Task directions
From the listing below, retype exactly the line holding "apply Rle_antisym; [|apply", the line holding "pose proof (weight_antitone", and the lines between them; skip everything else.
━━━
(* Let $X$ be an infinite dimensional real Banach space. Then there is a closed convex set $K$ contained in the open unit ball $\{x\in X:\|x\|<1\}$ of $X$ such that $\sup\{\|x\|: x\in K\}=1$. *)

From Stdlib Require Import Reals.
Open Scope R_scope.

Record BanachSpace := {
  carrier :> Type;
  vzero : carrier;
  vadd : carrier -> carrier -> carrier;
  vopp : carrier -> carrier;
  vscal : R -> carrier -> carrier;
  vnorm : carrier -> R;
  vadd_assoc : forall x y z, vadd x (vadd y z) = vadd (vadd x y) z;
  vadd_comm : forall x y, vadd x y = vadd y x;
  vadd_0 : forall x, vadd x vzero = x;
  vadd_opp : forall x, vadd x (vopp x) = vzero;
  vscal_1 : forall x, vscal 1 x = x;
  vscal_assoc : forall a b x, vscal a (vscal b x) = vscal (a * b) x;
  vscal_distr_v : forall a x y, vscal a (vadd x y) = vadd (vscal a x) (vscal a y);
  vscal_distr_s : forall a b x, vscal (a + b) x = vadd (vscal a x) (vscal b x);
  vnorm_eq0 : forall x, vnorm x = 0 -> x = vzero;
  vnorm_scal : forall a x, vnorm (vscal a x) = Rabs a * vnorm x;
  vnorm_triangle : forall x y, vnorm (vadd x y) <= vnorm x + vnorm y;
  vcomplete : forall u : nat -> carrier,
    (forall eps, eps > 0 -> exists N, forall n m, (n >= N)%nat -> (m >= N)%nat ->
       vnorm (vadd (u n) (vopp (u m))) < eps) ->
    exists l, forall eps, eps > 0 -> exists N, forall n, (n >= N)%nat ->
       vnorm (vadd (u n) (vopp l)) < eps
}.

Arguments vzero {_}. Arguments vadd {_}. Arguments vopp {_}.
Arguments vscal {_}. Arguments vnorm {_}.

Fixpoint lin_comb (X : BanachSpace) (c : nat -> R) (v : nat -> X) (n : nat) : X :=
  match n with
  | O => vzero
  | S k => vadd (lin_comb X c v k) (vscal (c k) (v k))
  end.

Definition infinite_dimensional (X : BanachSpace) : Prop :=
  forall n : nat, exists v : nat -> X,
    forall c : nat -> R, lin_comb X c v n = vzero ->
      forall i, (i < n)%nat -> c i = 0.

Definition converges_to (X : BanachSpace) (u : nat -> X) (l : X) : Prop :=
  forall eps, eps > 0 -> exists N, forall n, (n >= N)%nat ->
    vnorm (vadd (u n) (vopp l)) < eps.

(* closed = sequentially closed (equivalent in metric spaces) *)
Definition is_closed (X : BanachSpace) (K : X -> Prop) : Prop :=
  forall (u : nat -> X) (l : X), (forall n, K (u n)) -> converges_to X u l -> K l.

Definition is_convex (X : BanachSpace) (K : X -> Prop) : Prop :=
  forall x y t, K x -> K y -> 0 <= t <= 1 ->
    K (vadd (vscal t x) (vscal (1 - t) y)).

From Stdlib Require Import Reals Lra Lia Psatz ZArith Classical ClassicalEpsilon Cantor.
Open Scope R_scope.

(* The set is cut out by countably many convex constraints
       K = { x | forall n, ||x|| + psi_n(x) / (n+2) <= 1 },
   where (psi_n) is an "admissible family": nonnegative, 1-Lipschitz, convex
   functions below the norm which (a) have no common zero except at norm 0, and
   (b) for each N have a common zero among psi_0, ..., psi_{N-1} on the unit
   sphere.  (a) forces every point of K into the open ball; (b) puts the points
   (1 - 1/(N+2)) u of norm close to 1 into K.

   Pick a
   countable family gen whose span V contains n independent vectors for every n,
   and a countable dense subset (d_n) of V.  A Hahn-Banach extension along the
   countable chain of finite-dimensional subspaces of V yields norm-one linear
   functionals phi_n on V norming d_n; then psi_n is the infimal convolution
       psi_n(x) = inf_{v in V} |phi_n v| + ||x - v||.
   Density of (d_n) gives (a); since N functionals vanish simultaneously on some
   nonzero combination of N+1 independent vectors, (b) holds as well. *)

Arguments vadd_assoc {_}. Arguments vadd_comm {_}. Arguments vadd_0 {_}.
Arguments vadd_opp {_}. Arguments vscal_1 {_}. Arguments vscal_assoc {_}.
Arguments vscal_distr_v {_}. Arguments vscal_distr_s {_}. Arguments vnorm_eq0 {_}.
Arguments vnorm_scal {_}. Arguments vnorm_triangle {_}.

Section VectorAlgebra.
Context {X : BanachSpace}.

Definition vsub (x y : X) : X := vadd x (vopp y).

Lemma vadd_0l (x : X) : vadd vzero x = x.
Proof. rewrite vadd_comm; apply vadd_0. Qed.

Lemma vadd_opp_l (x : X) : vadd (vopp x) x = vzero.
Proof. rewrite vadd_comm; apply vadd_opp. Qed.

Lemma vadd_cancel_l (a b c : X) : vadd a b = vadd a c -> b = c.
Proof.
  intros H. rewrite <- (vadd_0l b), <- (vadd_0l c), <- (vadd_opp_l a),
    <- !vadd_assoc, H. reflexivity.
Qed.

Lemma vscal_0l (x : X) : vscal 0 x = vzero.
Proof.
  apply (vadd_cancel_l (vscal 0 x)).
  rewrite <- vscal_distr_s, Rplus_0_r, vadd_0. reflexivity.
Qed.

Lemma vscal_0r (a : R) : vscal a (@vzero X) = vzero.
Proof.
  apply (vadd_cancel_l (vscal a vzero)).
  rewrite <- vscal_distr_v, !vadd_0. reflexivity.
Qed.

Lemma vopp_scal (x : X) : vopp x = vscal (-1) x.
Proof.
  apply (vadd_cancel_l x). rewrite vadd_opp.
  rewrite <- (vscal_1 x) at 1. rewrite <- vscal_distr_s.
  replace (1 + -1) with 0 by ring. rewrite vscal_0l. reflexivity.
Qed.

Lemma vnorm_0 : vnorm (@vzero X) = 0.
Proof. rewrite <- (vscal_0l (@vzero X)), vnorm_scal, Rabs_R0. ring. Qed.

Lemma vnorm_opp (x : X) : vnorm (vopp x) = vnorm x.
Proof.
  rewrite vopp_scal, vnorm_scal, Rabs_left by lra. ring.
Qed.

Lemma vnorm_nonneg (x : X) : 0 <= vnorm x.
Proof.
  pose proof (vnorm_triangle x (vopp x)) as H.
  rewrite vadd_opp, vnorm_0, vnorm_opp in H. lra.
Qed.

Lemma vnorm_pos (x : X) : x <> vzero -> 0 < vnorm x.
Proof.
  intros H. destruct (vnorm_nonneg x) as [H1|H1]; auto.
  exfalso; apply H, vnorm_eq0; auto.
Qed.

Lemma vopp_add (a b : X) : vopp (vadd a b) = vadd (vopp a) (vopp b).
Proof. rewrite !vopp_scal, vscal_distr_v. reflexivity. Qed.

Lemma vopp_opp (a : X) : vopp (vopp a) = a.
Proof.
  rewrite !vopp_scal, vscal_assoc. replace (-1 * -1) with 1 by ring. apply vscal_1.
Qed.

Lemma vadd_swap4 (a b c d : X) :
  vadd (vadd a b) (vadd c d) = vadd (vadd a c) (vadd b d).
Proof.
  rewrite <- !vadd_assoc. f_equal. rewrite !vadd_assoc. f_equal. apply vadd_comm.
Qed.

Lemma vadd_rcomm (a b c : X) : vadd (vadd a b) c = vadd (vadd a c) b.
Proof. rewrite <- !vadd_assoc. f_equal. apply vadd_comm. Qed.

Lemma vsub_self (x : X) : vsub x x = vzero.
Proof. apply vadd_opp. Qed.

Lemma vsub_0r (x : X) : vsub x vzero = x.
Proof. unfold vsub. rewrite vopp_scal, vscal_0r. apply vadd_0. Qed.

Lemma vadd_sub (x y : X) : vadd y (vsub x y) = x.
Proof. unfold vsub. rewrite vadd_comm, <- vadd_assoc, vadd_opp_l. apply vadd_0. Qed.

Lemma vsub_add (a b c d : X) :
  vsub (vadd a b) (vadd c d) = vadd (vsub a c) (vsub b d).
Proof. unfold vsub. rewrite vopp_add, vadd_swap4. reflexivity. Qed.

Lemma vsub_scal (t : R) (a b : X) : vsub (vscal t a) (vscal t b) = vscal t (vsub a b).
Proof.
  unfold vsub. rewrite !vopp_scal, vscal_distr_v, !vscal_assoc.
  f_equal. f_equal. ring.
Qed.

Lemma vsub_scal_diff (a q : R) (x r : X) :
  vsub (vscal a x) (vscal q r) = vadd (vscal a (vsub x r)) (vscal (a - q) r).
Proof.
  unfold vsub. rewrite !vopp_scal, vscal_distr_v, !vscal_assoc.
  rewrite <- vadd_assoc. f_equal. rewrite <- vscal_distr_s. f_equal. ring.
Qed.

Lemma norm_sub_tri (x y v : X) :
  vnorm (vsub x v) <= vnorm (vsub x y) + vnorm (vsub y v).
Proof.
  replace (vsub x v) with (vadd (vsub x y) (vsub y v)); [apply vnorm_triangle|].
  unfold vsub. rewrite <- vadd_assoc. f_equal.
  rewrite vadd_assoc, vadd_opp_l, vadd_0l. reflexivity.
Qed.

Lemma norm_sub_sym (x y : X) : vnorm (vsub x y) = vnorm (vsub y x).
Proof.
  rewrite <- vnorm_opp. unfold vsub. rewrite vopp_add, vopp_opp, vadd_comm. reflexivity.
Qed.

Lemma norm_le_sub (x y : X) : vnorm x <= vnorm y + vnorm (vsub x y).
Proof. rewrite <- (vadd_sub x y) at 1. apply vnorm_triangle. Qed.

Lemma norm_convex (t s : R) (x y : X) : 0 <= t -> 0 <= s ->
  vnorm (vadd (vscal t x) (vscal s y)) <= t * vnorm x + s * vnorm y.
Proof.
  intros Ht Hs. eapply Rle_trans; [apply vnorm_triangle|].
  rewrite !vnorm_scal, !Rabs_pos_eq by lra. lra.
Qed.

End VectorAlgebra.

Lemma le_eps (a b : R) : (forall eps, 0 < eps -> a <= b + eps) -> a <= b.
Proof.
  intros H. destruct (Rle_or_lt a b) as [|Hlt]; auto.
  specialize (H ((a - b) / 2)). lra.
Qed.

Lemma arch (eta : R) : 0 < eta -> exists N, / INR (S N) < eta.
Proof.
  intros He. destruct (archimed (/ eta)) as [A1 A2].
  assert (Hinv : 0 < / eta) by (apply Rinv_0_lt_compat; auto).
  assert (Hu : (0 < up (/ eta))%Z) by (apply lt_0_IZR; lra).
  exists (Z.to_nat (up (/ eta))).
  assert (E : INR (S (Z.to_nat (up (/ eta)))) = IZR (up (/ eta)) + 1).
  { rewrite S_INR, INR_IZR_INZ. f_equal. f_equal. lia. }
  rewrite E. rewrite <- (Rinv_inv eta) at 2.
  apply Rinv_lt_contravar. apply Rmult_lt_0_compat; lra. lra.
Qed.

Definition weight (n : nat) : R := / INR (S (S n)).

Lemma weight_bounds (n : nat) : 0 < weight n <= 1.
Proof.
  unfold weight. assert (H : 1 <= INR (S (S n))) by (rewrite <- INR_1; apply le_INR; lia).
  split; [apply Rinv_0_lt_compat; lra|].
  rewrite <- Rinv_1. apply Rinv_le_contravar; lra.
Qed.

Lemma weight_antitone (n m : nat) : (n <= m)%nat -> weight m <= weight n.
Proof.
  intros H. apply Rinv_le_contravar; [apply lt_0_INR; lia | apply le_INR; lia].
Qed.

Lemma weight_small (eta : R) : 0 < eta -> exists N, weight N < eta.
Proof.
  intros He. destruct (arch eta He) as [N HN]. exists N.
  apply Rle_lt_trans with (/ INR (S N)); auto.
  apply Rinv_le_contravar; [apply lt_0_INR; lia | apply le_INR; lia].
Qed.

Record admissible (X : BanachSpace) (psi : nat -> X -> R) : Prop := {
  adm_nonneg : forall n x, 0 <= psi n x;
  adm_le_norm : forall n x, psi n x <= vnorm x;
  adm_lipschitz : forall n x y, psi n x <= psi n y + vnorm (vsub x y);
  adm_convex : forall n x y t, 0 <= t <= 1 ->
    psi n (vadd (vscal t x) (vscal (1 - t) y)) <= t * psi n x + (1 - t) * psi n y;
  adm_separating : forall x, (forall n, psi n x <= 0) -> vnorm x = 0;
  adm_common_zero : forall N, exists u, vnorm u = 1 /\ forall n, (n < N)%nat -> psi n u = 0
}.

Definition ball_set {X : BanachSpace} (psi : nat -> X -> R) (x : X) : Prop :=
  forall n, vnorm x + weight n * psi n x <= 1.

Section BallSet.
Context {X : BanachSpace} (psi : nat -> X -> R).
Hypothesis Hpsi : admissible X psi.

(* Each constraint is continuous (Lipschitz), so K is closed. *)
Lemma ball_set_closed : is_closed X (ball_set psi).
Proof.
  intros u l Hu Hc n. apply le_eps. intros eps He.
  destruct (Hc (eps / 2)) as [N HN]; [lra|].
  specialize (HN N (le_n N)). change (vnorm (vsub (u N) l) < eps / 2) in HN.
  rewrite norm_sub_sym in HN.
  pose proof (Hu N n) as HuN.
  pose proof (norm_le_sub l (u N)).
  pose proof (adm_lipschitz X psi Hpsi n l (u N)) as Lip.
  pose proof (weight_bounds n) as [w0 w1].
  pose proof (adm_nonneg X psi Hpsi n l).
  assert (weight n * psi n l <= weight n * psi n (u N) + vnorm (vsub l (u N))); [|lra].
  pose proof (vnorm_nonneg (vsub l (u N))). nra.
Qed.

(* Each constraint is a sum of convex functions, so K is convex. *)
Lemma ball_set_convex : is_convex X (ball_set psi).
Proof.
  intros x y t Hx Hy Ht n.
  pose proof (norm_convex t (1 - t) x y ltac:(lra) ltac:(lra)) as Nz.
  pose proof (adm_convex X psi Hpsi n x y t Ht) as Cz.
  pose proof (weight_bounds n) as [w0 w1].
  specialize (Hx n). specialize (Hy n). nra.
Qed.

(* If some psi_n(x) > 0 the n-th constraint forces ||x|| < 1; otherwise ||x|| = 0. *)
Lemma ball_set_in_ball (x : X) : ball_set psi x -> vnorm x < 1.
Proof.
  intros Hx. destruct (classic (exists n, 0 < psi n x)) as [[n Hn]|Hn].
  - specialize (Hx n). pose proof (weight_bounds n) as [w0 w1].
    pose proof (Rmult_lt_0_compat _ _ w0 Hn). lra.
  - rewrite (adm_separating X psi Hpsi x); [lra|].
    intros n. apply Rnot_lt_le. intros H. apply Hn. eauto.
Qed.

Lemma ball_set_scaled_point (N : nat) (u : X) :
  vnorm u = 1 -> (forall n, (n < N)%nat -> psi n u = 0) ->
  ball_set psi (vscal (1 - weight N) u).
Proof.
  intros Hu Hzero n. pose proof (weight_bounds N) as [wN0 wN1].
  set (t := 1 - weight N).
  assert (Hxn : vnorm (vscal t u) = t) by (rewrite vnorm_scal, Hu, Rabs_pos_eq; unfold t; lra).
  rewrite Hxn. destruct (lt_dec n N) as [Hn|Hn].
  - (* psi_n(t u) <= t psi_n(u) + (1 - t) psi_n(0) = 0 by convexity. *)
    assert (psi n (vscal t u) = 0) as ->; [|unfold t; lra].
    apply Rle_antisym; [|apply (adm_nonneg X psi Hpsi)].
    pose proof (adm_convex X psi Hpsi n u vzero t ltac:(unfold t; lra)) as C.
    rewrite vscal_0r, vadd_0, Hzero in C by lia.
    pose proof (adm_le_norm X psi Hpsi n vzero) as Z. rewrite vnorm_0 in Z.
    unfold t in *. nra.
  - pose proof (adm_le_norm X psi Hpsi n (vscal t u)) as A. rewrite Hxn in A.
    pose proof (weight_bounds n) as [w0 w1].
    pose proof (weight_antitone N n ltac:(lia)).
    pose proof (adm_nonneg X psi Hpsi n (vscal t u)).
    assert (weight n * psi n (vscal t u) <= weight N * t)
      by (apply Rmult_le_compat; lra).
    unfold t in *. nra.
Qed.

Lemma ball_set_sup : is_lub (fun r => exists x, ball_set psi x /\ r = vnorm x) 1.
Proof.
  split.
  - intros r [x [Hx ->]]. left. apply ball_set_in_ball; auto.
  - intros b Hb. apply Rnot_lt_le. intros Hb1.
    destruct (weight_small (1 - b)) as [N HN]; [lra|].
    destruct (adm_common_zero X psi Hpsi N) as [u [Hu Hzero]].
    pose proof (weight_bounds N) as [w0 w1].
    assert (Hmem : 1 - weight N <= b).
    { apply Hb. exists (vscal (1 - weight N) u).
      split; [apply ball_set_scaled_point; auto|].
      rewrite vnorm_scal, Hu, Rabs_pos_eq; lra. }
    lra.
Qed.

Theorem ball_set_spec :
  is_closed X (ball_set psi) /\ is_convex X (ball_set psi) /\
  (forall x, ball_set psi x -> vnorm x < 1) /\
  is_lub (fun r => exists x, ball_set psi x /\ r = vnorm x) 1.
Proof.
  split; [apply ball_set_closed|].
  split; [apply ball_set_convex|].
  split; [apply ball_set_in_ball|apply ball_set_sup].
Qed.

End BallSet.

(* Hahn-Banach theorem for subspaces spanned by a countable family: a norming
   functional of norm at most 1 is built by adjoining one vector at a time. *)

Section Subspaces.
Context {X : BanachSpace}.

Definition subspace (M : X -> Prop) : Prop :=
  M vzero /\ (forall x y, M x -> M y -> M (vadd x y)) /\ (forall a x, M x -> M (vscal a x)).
━━━
Finished task
    apply Rle_antisym; [|apply (adm_nonneg X psi Hpsi)].
    pose proof (adm_convex X psi Hpsi n u vzero t ltac:(unfold t; lra)) as C.
    rewrite vscal_0r, vadd_0, Hzero in C by lia.
    pose proof (adm_le_norm X psi Hpsi n vzero) as Z. rewrite vnorm_0 in Z.
    unfold t in *. nra.
  - pose proof (adm_le_norm X psi Hpsi n (vscal t u)) as A. rewrite Hxn in A.
    pose proof (weight_bounds n) as [w0 w1].
    pose proof (weight_antitone N n ltac:(lia)).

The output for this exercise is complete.